■ **SOURCE MATERIAL**
(* Let $(C,\mathfrak p,\mathfrak d)$ be a regular $q$-cycle coalgebra with $\mathfrak p_{11}^1\ne0$. Then $\mathfrak d_{1r}^1=\mathfrak p_{1r}^1$ for all $r\in\{0,\dots,n-1\}$.
   Context: $K$ is an algebraically closed field of characteristic $0$ and $n\ge2$. $C$ is the coalgebra dual to $K[y]/\langle y^n\rangle$: basis $x_0,\dots,x_{n-1}$, $\Delta(x_i)=\sum_{j+k=i}x_j\otimes x_k$, $\epsilon(x_i)=\delta_{i0}$; $C\otimes C$ has the tensor product coalgebra structure; Sweedler notation $\Delta(b)=b_{(1)}\otimes b_{(2)}$. For linear maps $\mathfrak p,\mathfrak d\colon C\otimes C\to C$ write $a\cdot b=\mathfrak p(a\otimes b)$, $a:b=\mathfrak d(a\otimes b)$, $\mathfrak p(x_i\otimes x_j)=\sum_{k=0}^{n-1}\mathfrak p_{ij}^kx_k$, $\mathfrak d(x_i\otimes x_j)=\sum_{k=0}^{n-1}\mathfrak d_{ij}^kx_k$. A triple $(C,\mathfrak p,\mathfrak d)$ with $\mathfrak p,\mathfrak d$ coalgebra morphisms is a regular $q$-magma coalgebra if there are coalgebra morphisms $a\otimes b\mapsto a^b$, $a\otimes b\mapsto a_b$ from $C\otimes C$ to $C$ with $a^{b_{(1)}}\cdot b_{(2)}=(a\cdot b_{(1)})^{b_{(2)}}=\epsilon(b)a$ and $(a:b_{(2)})_{b_{(1)}}=a_{b_{(2)}}:b_{(1)}=\epsilon(b)a$. It is a regular $q$-cycle coalgebra if moreover for all $a,b,c$: (1) $(a\cdot b_{(1)})\cdot(c:b_{(2)})=(a\cdot c_{(2)})\cdot(b\cdot c_{(1)})$; (2) $(a\cdot b_{(1)}):(c\cdot b_{(2)})=(a:c_{(2)})\cdot(b:c_{(1)})$; (3) $(a:b_{(1)}):(c:b_{(2)})=(a:c_{(2)}):(b\cdot c_{(1)})$. *)

From HB Require Import structures.
From mathcomp Require Import all_boot all_order all_algebra.
Set Implicit Arguments. Unset Strict Implicit. Unset Printing Implicit Defensive.
Import Order.TTheory GRing.Theory.
Local Open Scope ring_scope.

(* C = dual coalgebra of K[y]/<y^n>, basis x_0..x_{n-1}.
   An element of C is its coordinate vector 'I_n -> K.
   A linear map f : C (x) C -> C is given by its structure constants
   f i j k = f_{ij}^k (only indices < n are ever used). *)
Section QCycle.
Variables (K : fieldType) (n : nat).

Definition vec := 'I_n -> K.

Definition bas (i : nat) : vec := fun k => (k == i :> nat)%:R.

Definition bil (f : nat -> nat -> nat -> K) (a b : vec) : vec :=
  fun k => \sum_(i < n) \sum_(j < n) a i * b j * f i j k.

Definition eps (b : vec) : K := \sum_(j < n) b j * (j == 0%N :> nat)%:R.

(* coefficient of x_{j1} (x) x_{j2} in Delta(b), where
   Delta(x_j) = sum_{j1+j2=j} x_{j1} (x) x_{j2} *)
Definition delta (b : vec) (j1 j2 : 'I_n) : K :=
  \sum_(j < n) b j * ((j1 + j2)%N == j :> nat)%:R.

Definition sw (b : vec) (F : vec -> vec -> K) : K :=
  \sum_(j1 < n) \sum_(j2 < n) delta b j1 j2 * F (bas j1) (bas j2).

(* f : C (x) C -> C is a coalgebra morphism (C (x) C with the tensor
   product coalgebra structure), written on the basis x_i (x) x_j. *)
Definition coalg_morph (f : nat -> nat -> nat -> K) : Prop :=
  (forall i j : 'I_n, f i j 0%N = ((i == 0%N :> nat) && (j == 0%N :> nat))%:R) /\
  (forall i j a b : 'I_n,
     \sum_(k < n) f i j k * ((a + b)%N == k :> nat)%:R =
     \sum_(i1 < n) \sum_(i2 < n | (i1 + i2)%N == i :> nat)
       \sum_(j1 < n) \sum_(j2 < n | (j1 + j2)%N == j :> nat)
          f i1 j1 a * f i2 j2 b).

(* regular q-magma coalgebra (C, p, d); U is a (x) b |-> a^b, V is a (x) b |-> a_b *)
Definition regular_qmagma (P D : nat -> nat -> nat -> K) : Prop :=
  coalg_morph P /\ coalg_morph D /\
  exists U V : nat -> nat -> nat -> K,
    coalg_morph U /\ coalg_morph V /\
    (forall (a b : vec) (k : 'I_n),
       sw b (fun b1 b2 => bil P (bil U a b1) b2 k) = eps b * a k) /\
    (forall (a b : vec) (k : 'I_n),
       sw b (fun b1 b2 => bil U (bil P a b1) b2 k) = eps b * a k) /\
    (forall (a b : vec) (k : 'I_n),
       sw b (fun b1 b2 => bil V (bil D a b2) b1 k) = eps b * a k) /\
    (forall (a b : vec) (k : 'I_n),
       sw b (fun b1 b2 => bil D (bil V a b2) b1 k) = eps b * a k).

Definition regular_qcycle (P D : nat -> nat -> nat -> K) : Prop :=
  regular_qmagma P D /\
  (forall (a b c : vec) (k : 'I_n),
     sw b (fun b1 b2 => bil P (bil P a b1) (bil D c b2) k) =
     sw c (fun c1 c2 => bil P (bil P a c2) (bil P b c1) k)) /\
  (forall (a b c : vec) (k : 'I_n),
     sw b (fun b1 b2 => bil D (bil P a b1) (bil P c b2) k) =
     sw c (fun c1 c2 => bil P (bil D a c2) (bil D b c1) k)) /\
  (forall (a b c : vec) (k : 'I_n),
     sw b (fun b1 b2 => bil D (bil D a b1) (bil D c b2) k) =
     sw c (fun c1 c2 => bil D (bil D a c2) (bil P b c1) k)).
Lemma exp_post_prob_upper_tail : (0 < m)%N -> bias m theta eta \is a fin_num ->
  (exp_post_prob m lam tau eta theta eps
     [set d | (bias m theta eta +
               (3 * sigma_bar m lam tau eps
                + 3 / 2 * m%:R * sigma_max m lam tau eps
                + 4 * r_m m lam tau eta theta eps)%:E < d)%E]
   <= (expR (- (m%:R / 16)))%:E)%E.
Proof.
move=> m0 bfin; set M := sigma_max m lam tau eps.
set T := 3 * sigma_bar m lam tau eps + 3 / 2 * m%:R * M + 4 * r_m m lam tau eta theta eps.
have M0 : 0 < M := sigma_max_gt0 m0.
have l0 : 0 < (8 * M)^-1 by rewrite invr_gt0 mulr_gt0.
have lM : (8 * M)^-1 * M = 1 / 8 by field; exact: lt0r_neq0.
apply: le_trans (@exp_post_prob_le_mgf _ (8 * M)^-1 T _ _) _.
- move=> j jm; have /andP[_ sM] := post_var_bnd jm; rewrite -/M in sM.
  have /andP[_ V2] := marginal_var_bnd j.
  have : (8 * M)^-1 * marginal_var j <= (8 * M)^-1 * (2 * M) by rewrite ler_pM2l //; lra.
  lra.
- move=> S; rewrite /= addeC lteD2rE // lte_fin => /ltW.
  by rewrite ler_pM2l.
rewrite lee_fin /T r_mE; apply: upper_tail_mgf_bound => //.
- exact: post_var_bnd.
- by move=> j _; exact: marginal_var_bnd.
Qed.

Lemma exp_post_prob_lower_tail (c : R) : 0 < c -> (0 < m)%N ->
  bias m theta eta \is a fin_num ->
  (exp_post_prob m lam tau eta theta eps
     [set d | (d < bias m theta eta +
               (sigma_bar m lam tau eps
                - 4 * c * (m%:R * sigma_max m lam tau eps
                           + r_m m lam tau eta theta eps))%:E)%E]
   <= (expR (- (c ^+ 2 * m%:R / 2)))%:E)%E.
Proof.
move=> c0 m0 bfin; set M := sigma_max m lam tau eps.
set T := sigma_bar m lam tau eps - 4 * c * (m%:R * M + r_m m lam tau eta theta eps).
have M0 : 0 < M := sigma_max_gt0 m0.
have l0 : 0 < c / (4 * M) by rewrite divr_gt0 ?mulr_gt0.
have lM : c / (4 * M) * M = c / 4 by field; exact: lt0r_neq0.
apply: le_trans (@exp_post_prob_le_mgf _ (- (c / (4 * M))) T _ _) _.
- move=> j _; have /andP[sV _] := marginal_var_bnd j; have s0 := post_var_gt0 j.
  have : 0 <= c / (4 * M) * marginal_var j by rewrite mulr_ge0 ?ltW //; lra.
  lra.
- move=> S; rewrite /= addeC lteD2lE // lte_fin => /ltW.
  by rewrite !mulNr lerN2 ler_pM2l.
rewrite lee_fin mulNr opprK /T r_mE; apply: lower_tail_mgf_bound => //.
- exact: post_var_bnd.
- by move=> j _; exact: marginal_var_bnd.
Qed.

End posterior.

Theorem mainTheorem2 (R : realType) (lam tau eta theta : nat -> R) (eps : R)
  (lam_bnd : exists M : R, forall j, `|lam j| <= M)
  (lam_neq0 : forall j, lam j != 0)
  (eps_gt0 : 0 < eps) (eps_lt1 : eps < 1)
  (theta_l2 : (\sum_(0 <= j <oo) ((theta j ^+ 2)%:E) < +oo)%E)
  (diff_l2 : (\sum_(0 <= j <oo) (((theta j - eta j) ^+ 2)%:E) < +oo)%E)
  (tau_gt0 : forall j, 0 < tau j) :
  forall m : nat, (0 < m)%N ->
  (exp_post_prob m lam tau eta theta eps
     [set d | (bias m theta eta +
               (3 * sigma_bar m lam tau eps
                + 3 / 2 * m%:R * sigma_max m lam tau eps
                + 4 * r_m m lam tau eta theta eps)%:E < d)%E]
   <= (2 * expR (- (m%:R / 36)))%:E)%E
  /\
  forall c : R, 0 < c -> c < 1 / 5 ->
  (exp_post_prob m lam tau eta theta eps
     [set d | (d < bias m theta eta +
               (sigma_bar m lam tau eps
                - 4 * c * (m%:R * sigma_max m lam tau eps
                           + r_m m lam tau eta theta eps))%:E)%E]
   <= (2 * expR (- (c ^+ 2 * m%:R / 2)))%:E)%E.
Proof.
move=> m m0; have bfin := bias_fin_num m diff_l2.
split=> [|c c0 _].
  apply: le_trans (@exp_post_prob_upper_tail R lam tau eta theta eps m
    lam_neq0 eps_gt0 tau_gt0 m0 bfin) _.
  have exp_le : expR (- (m%:R / 16)) <= expR (- (m%:R / 36)) :> R.
    by rewrite ler_expR lerN2; have := ler0n R m; lra.
  by rewrite lee_fin; have := @expR_ge0 R (- (m%:R / 36)); lra.
apply: le_trans (@exp_post_prob_lower_tail R lam tau eta theta eps m
  lam_neq0 eps_gt0 tau_gt0 c c0 m0 bfin) _.
by rewrite lee_fin; have := @expR_ge0 R (- (c ^+ 2 * m%:R / 2)); lra.
Qed.
Lemma crossing_adjacent u v : P u -> P v -> not_on_walk u -> not_on_walk v -> u <> v ->
  adj u v -> Z.even (crossing_at (center (f u))) = Z.even (crossing_at (center (f v))).
Proof.
  intros Hu Hv Nu Nv Huv Ha.
  destruct (rep_touching rep u v Hu Hv Huv Ha) as [[Hlr|Hlr] [Ho1 Ho2]].
  - apply crossing_adjacent_left; auto.
  - symmetry. apply crossing_adjacent_left; auto.
Qed.

Lemma crossing_path (pi : nat -> V) n : walk P adj pi n ->
  (forall t, (t <= n)%nat -> not_on_walk (pi t)) ->
  Z.even (crossing_at (center (f (pi O)))) = Z.even (crossing_at (center (f (pi n)))).
Proof.
  induction n as [|n IH]; intros [Hval Hstep] Hoff; auto.
  rewrite IH; [| split; intros; [apply Hval | apply Hstep]; lia | intros; apply Hoff; lia].
  destruct (Hstep n ltac:(lia)).
  apply crossing_adjacent; auto.
Qed.

Lemma walk_meets_only_on_sides c j p : P c -> (j < k)%nat -> z j <> c ->
  xl (f c) < fst p < xr (f c) -> in_rect (f c) p -> ~ in_rect (f (z j)) p.
Proof.
  intros Hc Hj Hne Hx HpC HpZ.
  assert (Hzj : P (z j)) by (apply z_valid; lia).
  assert (Ha : adj (z j) c) by (apply (rep_common_point_adj rep _ _ p); auto).
  pose proof (rep_touching rep (z j) c Hzj Hc Hne Ha) as Ht.
  destruct (touching_meets_on_side (f (z j)) (f c) p Ht HpZ HpC); lra.
Qed.

Variable V_eq_dec : forall u v : V, {u = v} + {u <> v}.

Definition left_count (c : V) : Z :=
  zsum k (fun j => if V_eq_dec (step_left j) c then 1%Z else 0%Z).

Lemma crossing_column c : P c ->
  let x0 := fst (center (f c)) in
  exists e, 0 < e /\ forall d, 0 < d <= e ->
    (crossing x0 (yl (f c) - d) - crossing x0 (yr (f c) + d))%Z = left_count c.
Proof.
  intros Hc x0. destruct (f_proper c Hc) as [Hcx Hcy].
  assert (Hx0 : xl (f c) < x0 < xr (f c)) by (unfold x0, center; simpl; lra).
  destruct (box_margin_finite k (fun j => f (z j)) (fun j => z j <> c)
              x0 x0 (yl (f c)) (yr (f c))) as (e & He & Hmargin); [lra|lra| |].
  { intros j Hj Hne. split; [apply f_proper, z_valid; lia|].
    intros p [Hpx Hpy]. apply (walk_meets_only_on_sides c); auto; [lra|].
    unfold in_rect; lra. }
  exists e; split; auto. intros d Hd.
  unfold crossing, left_count. rewrite <- zsum_sub. apply zsum_ext. intros j Hj.
  destruct (V_eq_dec (step_left j) c) as [->|Hne].
  - unfold under, in_column, below_bottom.
    destruct (Rle_dec (xl (f c)) x0); [|lra]. destruct (Rlt_dec x0 (xr (f c))); [|lra].
    destruct (Rlt_dec (yl (f c) - d) (yl (f c))); [|lra].
    destruct (Rlt_dec (yr (f c) + d) (yl (f c))); [lra|]. ring.
  - destruct (step_left_index j Hj) as (i & Hi & Ei). rewrite Ei in *.
    destruct (f_proper (z i) (z_valid i ltac:(lia))) as [Hzx Hzy].
    unfold under, in_column, below_bottom.
    destruct (Rle_dec (xl (f (z i))) x0); [|ring]. destruct (Rlt_dec x0 (xr (f (z i)))); [|ring].
    destruct (Rlt_dec (yl (f c) - d) (yl (f (z i)))), (Rlt_dec (yr (f c) + d) (yl (f (z i))));
      try ring; [|lra].
    exfalso. apply (Hmargin i Hi Hne (x0, yl (f (z i)))).
    + unfold in_box; simpl; lra.
    + unfold in_rect; simpl; lra.
Qed.

Lemma crossing_beside w c bx ys yt : P w -> not_on_walk w -> P c ->
  (xr (f w) = bx /\ bx = xl (f c)) \/ (xl (f w) = bx /\ bx = xr (f c)) ->
  yl (f w) < ys < yr (f w) ->
  (forall j, (j < k)%nat -> z j <> c ->
     forall p, on_L bx ys yt (fst (center (f c))) p -> ~ in_rect (f (z j)) p) ->
  exists e, 0 < e /\ forall y, yt - e <= y <= yt + e -> y < yl (f c) \/ yr (f c) < y ->
    Z.even (crossing_at (center (f w))) = Z.even (crossing (fst (center (f c))) y).
Proof.
  intros Hw Nw Hc Hside Hys Havoid.
  destruct (f_proper w Hw) as [Hwx Hwy].
  destruct (L_margin_finite k (fun j => f (z j)) (fun j => z j <> c) bx ys yt (fst (center (f c))))
    as (e & He & Hmargin).
  { intros j Hj Hne. split; [apply f_proper, z_valid; lia|]. auto. }
  exists e; split; auto. intros y Hy Hout.
  assert (Hsx : exists sx, bx - e <= sx <= bx + e /\ xl (f w) < sx < xr (f w) /\
                           (sx < xl (f c) \/ xr (f c) < sx)).
  { pose proof (Rmin_l e ((xr (f w) - xl (f w)) / 2)).
    pose proof (Rmin_r e ((xr (f w) - xl (f w)) / 2)).
    assert (0 < Rmin e ((xr (f w) - xl (f w)) / 2)) by (apply Rmin_glb_lt; lra).
    set (t := Rmin e ((xr (f w) - xl (f w)) / 2)) in *.
    destruct Hside as [[Hs1 Hs2]|[Hs1 Hs2]]; [exists (bx - t) | exists (bx + t)]; lra. }
  destruct Hsx as (sx & Hsx & Hsw & Hsc).
  (* Follow the L-path, pushed off [c] into [w] horizontally and beyond [yt] vertically. *)
  transitivity (Z.even (crossing_at (sx, ys))).
  - apply (crossing_interior w); auto.
    + apply center_interior; split; auto.
    + unfold in_interior; simpl; lra.
  - apply crossing_L. intros p Hp j Hj.
    destruct (V_eq_dec (z j) c) as [->|Hne].
    + unfold in_rect, on_L. destruct Hp as [[Hp _]|[Hp _]]; simpl in Hp; lra.
    + apply (Hmargin sx y); auto; lra.
Qed.

End Crossing.

Definition Wvert_eq_dec (u v : Wvert) : {u = v} + {u <> v}.
Proof. decide equality; try apply Nat.eq_dec; apply Bool.bool_dec. Defined.

Lemma Wadj_sym g u v : Wadj g u v -> Wadj g v u.
Proof. unfold Wadj; tauto. Qed.

Lemma cyc_neq i j : i <> j -> Cyc i <> Cyc j.
Proof. intros H E. injection E. auto. Qed.

Section Walks.
Variable g : nat.
Hypothesis hg : (3 <= g)%nat.
Local Notation m := (g / 2)%nat.
Local Opaque Nat.div.

Lemma half_pos : (1 <= m)%nat.
Proof. apply Nat.div_le_lower_bound; lia. Qed.

(* [ray h i t] is the t-th vertex of the subdivided ray from [Hub h] (t = 0) to [Cyc i]
   (t = m + 1). *)
Definition ray (h : bool) (i t : nat) : Wvert :=
  match t with O => Hub h | S s => if (s <? m)%nat then Sub h i s else Cyc i end.

Lemma ray_valid h i t : (i < g)%nat -> Wvalid g (ray h i t).
Proof. intros Hi. destruct t as [|s]; simpl; auto. destruct (Nat.ltb_spec s m); simpl; auto. Qed.

Lemma ray_step h i t : (t <= m)%nat ->
  ray h i t <> ray h i (S t) /\ Wadj g (ray h i t) (ray h i (S t)).
Proof.
  intros Ht. pose proof half_pos. destruct t as [|s]; simpl.
  - destruct (Nat.ltb_spec 0 m); [|lia]. split; [discriminate|]. left; simpl; auto.
  - destruct (Nat.ltb_spec s m), (Nat.ltb_spec (S s) m); try lia.
    + split; [intro E; injection E; lia|]. left; simpl; repeat split; lia.
    + split; [discriminate|]. left; simpl; split; auto; lia.
Qed.

Lemma ray_shape h i t :
  ray h i t = Hub h \/ (exists s, ray h i t = Sub h i s) \/ ray h i t = Cyc i.
Proof. destruct t as [|s]; simpl; auto. destruct (s <? m)%nat; eauto. Qed.

Lemma ray_last h i : ray h i m = Sub h i (m - 1).
Proof.
  pose proof half_pos. unfold ray. destruct m as [|s]; [lia|].
  destruct (Nat.ltb_spec s (S s)); [f_equal; lia|lia].
Qed.

Lemma ray_top h i : ray h i (S m) = Cyc i.
Proof. simpl. destruct (Nat.ltb_spec m m); [lia|auto]. Qed.

Lemma ray_not_cyc h i t j : (t <= m)%nat -> ray h i t <> Cyc j.
Proof.
  intros Ht. destruct t as [|s]; simpl; [discriminate|].
  destruct (Nat.ltb_spec s m); [discriminate|lia].
Qed.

■ **EXERCISE OBJECTIVE**
Go through the listing above and return each line where the word "else" occurs.

■ **TASK OUTPUT**
  zsum k (fun j => if V_eq_dec (step_left j) c then 1%Z else 0%Z).
  match t with O => Hub h | S s => if (s <? m)%nat then Sub h i s else Cyc i end.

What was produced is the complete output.